### Task goal:
Your answer must consist of exactly the lines below, starting with the line with "assert (Hdelta1 : delta" and going on through the line with "intros T u HT", and nothing else.

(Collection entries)

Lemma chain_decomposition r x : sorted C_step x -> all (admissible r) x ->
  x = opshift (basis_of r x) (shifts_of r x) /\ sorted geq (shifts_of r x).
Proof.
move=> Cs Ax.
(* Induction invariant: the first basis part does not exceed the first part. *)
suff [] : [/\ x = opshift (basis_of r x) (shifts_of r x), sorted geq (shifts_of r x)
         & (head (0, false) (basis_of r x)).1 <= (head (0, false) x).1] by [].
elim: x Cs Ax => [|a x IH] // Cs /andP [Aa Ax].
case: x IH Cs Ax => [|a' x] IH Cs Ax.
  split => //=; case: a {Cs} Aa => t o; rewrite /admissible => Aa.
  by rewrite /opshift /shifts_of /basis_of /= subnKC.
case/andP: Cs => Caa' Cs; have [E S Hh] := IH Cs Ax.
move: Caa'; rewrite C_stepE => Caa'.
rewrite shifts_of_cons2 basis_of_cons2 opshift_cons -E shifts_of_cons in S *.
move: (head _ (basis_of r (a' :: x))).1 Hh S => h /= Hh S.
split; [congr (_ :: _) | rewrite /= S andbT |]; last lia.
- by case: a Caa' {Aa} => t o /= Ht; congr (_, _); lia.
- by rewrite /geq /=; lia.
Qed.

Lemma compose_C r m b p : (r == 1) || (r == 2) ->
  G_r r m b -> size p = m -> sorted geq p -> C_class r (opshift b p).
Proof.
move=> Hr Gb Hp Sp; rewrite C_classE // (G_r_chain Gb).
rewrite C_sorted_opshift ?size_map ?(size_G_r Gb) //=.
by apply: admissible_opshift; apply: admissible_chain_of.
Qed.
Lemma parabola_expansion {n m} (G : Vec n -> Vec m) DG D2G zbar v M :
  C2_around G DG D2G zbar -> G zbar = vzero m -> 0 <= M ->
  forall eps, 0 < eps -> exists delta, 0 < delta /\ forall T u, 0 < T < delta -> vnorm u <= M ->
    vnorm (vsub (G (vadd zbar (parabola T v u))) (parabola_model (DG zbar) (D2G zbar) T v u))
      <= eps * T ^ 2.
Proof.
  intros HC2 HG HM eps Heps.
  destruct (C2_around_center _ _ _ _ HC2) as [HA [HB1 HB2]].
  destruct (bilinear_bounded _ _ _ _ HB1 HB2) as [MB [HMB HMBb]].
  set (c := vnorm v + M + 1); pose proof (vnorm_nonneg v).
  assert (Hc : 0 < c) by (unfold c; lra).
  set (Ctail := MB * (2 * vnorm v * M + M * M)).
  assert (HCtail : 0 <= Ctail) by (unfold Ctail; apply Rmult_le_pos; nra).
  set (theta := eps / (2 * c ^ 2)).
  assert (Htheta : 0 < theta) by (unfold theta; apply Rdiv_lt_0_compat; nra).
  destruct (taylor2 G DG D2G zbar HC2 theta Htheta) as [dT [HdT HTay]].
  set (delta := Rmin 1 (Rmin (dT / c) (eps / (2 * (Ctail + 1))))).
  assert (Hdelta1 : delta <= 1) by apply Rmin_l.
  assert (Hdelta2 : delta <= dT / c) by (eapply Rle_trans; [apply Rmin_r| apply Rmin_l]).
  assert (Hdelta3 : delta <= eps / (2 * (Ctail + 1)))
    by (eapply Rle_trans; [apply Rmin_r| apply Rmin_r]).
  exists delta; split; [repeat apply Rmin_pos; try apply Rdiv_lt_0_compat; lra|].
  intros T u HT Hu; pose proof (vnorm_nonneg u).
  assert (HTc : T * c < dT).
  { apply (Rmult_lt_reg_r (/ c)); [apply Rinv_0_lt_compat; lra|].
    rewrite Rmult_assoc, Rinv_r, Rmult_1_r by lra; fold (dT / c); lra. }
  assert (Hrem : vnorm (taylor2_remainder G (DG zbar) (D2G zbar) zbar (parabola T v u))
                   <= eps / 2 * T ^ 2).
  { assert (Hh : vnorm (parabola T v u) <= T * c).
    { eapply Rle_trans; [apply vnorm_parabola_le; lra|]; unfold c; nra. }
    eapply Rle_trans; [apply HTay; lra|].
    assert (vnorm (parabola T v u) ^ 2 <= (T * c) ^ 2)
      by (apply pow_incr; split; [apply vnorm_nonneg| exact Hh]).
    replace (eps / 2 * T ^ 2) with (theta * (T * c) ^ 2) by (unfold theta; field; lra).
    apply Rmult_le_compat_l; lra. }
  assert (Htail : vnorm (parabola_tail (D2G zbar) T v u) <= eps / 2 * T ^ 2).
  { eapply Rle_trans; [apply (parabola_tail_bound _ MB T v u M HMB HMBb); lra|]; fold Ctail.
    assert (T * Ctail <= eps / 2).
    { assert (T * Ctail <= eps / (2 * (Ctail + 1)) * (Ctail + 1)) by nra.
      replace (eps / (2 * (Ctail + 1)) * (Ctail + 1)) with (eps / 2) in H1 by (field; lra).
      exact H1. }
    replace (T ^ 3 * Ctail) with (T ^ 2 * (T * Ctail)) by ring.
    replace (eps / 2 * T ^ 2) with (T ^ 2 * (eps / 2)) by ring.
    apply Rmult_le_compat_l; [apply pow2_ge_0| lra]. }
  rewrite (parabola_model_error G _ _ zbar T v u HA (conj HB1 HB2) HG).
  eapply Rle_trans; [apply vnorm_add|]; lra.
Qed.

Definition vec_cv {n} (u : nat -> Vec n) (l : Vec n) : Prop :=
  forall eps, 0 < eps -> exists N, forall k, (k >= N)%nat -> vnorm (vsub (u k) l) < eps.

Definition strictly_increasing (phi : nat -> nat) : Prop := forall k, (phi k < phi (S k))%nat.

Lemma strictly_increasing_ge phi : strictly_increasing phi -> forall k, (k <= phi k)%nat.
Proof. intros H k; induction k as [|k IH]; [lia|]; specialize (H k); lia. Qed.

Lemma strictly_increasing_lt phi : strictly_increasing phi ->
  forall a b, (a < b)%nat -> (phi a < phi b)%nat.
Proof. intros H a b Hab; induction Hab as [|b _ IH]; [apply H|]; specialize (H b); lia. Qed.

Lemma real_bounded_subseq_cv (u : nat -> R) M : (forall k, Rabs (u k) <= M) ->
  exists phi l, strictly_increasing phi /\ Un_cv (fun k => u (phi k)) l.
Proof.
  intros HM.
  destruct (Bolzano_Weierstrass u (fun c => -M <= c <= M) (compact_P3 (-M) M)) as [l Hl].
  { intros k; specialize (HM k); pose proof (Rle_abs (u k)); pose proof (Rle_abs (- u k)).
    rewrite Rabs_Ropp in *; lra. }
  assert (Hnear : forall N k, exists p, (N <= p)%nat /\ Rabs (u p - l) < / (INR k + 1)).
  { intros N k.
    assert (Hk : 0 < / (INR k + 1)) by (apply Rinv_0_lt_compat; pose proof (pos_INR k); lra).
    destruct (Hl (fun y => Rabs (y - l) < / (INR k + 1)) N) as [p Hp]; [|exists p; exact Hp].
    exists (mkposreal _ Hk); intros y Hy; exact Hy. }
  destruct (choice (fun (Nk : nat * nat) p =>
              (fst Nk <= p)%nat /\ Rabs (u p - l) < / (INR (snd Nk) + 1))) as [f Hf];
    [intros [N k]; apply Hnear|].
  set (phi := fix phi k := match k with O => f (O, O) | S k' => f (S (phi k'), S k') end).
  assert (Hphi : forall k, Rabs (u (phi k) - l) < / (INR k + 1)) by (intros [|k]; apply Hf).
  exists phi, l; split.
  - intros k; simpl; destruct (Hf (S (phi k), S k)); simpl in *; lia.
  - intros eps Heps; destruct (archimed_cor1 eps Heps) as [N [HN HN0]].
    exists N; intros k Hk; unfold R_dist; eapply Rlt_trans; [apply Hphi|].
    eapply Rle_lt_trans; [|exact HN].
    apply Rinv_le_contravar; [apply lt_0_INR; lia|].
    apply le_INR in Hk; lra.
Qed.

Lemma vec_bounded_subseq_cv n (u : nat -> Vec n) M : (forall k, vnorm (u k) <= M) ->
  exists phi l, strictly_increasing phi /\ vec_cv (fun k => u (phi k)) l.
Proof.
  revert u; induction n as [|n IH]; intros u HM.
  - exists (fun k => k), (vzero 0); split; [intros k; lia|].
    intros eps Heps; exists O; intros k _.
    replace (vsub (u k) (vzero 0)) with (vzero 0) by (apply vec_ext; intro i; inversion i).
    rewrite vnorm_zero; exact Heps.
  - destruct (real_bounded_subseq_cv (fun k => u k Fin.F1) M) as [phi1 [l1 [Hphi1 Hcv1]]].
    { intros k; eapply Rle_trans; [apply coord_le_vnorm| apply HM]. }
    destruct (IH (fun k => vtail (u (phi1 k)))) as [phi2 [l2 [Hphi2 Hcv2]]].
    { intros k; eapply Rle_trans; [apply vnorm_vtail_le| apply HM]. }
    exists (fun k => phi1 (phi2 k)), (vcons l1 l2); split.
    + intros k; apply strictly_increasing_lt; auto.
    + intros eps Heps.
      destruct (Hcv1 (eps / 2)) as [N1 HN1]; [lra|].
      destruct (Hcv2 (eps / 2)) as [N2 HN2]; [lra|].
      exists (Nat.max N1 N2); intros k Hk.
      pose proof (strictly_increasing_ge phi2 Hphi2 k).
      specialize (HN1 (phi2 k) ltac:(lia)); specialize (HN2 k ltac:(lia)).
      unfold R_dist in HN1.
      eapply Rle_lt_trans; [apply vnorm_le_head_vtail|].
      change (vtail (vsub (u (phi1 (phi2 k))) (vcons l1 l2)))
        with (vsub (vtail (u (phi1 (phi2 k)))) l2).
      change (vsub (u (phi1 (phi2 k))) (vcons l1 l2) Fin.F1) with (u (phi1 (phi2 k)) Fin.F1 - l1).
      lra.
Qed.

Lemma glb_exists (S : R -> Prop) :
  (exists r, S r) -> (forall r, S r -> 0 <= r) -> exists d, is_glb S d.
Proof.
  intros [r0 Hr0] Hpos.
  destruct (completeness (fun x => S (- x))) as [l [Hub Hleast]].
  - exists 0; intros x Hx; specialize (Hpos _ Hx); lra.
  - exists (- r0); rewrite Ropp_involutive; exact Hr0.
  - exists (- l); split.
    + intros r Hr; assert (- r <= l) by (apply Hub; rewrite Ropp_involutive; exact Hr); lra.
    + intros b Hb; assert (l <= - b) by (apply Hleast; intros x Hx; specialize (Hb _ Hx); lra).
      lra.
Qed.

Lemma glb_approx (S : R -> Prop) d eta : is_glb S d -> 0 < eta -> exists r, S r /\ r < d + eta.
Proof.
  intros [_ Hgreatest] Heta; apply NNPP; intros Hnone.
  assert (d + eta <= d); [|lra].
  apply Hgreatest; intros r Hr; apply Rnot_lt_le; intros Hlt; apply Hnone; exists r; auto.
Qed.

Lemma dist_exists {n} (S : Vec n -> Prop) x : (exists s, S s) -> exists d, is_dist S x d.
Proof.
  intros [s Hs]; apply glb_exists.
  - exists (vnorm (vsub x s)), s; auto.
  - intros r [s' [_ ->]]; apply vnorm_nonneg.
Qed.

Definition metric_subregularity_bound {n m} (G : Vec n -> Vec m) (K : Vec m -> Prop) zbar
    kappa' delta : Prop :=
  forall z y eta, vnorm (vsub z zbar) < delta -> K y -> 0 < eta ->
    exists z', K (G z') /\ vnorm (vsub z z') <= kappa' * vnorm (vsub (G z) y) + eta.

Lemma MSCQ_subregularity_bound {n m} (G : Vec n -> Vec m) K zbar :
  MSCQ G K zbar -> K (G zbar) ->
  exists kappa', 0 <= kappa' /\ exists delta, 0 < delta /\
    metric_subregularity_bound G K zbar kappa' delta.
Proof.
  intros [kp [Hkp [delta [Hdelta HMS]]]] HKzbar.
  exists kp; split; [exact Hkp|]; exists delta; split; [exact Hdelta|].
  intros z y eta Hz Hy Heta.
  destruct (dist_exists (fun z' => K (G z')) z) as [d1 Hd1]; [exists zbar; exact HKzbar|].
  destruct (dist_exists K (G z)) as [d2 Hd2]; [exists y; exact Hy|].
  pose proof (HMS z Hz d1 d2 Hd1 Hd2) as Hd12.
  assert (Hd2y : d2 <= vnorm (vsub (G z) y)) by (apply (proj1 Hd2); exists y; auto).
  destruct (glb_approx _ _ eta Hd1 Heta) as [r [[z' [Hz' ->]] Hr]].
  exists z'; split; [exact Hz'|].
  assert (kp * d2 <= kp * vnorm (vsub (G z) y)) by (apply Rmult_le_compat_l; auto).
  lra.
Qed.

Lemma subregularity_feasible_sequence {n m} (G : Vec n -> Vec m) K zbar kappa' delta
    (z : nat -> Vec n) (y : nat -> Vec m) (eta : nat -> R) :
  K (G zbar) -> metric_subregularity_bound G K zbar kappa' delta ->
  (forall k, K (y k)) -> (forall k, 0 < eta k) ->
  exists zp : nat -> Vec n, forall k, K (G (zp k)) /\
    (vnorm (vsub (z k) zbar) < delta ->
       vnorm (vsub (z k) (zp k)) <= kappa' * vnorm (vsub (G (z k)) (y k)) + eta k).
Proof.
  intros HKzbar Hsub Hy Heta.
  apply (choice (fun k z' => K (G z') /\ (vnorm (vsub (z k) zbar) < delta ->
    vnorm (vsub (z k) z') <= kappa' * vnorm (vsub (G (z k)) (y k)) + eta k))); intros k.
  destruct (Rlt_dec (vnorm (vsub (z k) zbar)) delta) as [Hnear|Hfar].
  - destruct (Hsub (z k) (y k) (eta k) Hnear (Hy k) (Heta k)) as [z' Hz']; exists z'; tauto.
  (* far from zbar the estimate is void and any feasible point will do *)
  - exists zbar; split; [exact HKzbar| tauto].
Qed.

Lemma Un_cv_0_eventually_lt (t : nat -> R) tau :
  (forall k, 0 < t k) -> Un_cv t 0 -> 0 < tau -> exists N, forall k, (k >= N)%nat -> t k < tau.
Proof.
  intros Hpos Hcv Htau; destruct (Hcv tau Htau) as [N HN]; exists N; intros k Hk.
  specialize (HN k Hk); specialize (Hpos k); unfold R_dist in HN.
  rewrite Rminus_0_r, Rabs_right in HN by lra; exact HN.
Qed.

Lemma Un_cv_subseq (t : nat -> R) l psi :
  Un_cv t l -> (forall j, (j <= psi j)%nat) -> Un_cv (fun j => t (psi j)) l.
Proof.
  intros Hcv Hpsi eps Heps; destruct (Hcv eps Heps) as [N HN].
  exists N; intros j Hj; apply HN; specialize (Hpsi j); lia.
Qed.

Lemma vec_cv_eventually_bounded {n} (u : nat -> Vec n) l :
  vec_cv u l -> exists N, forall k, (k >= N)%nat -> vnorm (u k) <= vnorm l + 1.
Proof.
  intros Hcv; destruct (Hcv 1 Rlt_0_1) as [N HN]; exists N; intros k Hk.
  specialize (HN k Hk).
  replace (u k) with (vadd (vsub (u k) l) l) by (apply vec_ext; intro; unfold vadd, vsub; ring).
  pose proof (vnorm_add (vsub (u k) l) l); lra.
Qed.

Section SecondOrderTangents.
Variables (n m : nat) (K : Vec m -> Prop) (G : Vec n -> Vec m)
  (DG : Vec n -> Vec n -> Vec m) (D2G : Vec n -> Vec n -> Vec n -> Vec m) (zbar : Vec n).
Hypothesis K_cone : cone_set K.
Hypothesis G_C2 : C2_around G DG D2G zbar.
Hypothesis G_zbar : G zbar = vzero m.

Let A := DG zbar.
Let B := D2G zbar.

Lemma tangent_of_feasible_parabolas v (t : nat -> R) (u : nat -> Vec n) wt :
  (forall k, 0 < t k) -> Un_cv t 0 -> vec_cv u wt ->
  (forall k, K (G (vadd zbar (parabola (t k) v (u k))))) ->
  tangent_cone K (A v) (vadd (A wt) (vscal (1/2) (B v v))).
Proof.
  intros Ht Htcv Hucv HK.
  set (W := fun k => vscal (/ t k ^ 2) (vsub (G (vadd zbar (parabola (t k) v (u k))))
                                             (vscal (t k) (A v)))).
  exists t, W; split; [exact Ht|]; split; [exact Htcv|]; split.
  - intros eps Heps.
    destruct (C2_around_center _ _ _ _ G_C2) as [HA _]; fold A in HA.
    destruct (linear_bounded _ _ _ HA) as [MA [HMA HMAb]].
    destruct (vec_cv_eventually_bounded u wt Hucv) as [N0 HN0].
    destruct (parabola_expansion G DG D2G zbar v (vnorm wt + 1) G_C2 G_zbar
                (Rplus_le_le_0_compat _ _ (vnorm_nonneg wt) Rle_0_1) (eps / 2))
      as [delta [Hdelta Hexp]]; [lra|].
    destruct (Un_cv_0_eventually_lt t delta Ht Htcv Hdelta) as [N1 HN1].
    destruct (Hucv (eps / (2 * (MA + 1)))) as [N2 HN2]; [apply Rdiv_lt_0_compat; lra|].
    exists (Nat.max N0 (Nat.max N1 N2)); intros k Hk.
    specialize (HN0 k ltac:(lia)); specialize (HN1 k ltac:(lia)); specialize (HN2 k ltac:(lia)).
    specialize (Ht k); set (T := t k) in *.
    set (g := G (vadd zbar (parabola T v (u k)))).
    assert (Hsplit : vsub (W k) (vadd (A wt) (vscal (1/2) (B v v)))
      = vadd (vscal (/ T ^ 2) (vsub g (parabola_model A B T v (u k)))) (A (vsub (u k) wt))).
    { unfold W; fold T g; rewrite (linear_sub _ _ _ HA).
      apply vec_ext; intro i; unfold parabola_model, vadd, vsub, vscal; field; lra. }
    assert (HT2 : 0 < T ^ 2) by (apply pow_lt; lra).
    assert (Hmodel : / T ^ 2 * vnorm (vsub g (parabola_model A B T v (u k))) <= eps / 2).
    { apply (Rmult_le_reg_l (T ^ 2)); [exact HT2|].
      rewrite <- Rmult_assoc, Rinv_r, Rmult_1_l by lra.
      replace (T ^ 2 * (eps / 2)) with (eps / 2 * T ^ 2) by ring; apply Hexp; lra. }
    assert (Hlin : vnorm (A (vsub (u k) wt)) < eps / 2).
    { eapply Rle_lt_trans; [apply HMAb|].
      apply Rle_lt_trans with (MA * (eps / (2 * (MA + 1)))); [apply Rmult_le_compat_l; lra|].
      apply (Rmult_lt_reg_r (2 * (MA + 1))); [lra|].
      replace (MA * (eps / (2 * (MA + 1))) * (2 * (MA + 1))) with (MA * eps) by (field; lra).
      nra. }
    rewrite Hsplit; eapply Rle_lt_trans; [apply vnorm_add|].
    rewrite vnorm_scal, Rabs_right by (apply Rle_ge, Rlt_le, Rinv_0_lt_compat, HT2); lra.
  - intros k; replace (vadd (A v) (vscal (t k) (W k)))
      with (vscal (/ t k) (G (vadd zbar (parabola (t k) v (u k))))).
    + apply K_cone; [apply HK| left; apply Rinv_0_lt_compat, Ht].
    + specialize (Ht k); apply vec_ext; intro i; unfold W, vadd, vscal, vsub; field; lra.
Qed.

### Reply to the exercise:
  assert (Hdelta1 : delta <= 1) by apply Rmin_l.
  assert (Hdelta2 : delta <= dT / c) by (eapply Rle_trans; [apply Rmin_r| apply Rmin_l]).
  assert (Hdelta3 : delta <= eps / (2 * (Ctail + 1)))
    by (eapply Rle_trans; [apply Rmin_r| apply Rmin_r]).
  exists delta; split; [repeat apply Rmin_pos; try apply Rdiv_lt_0_compat; lra|].
  intros T u HT Hu; pose proof (vnorm_nonneg u).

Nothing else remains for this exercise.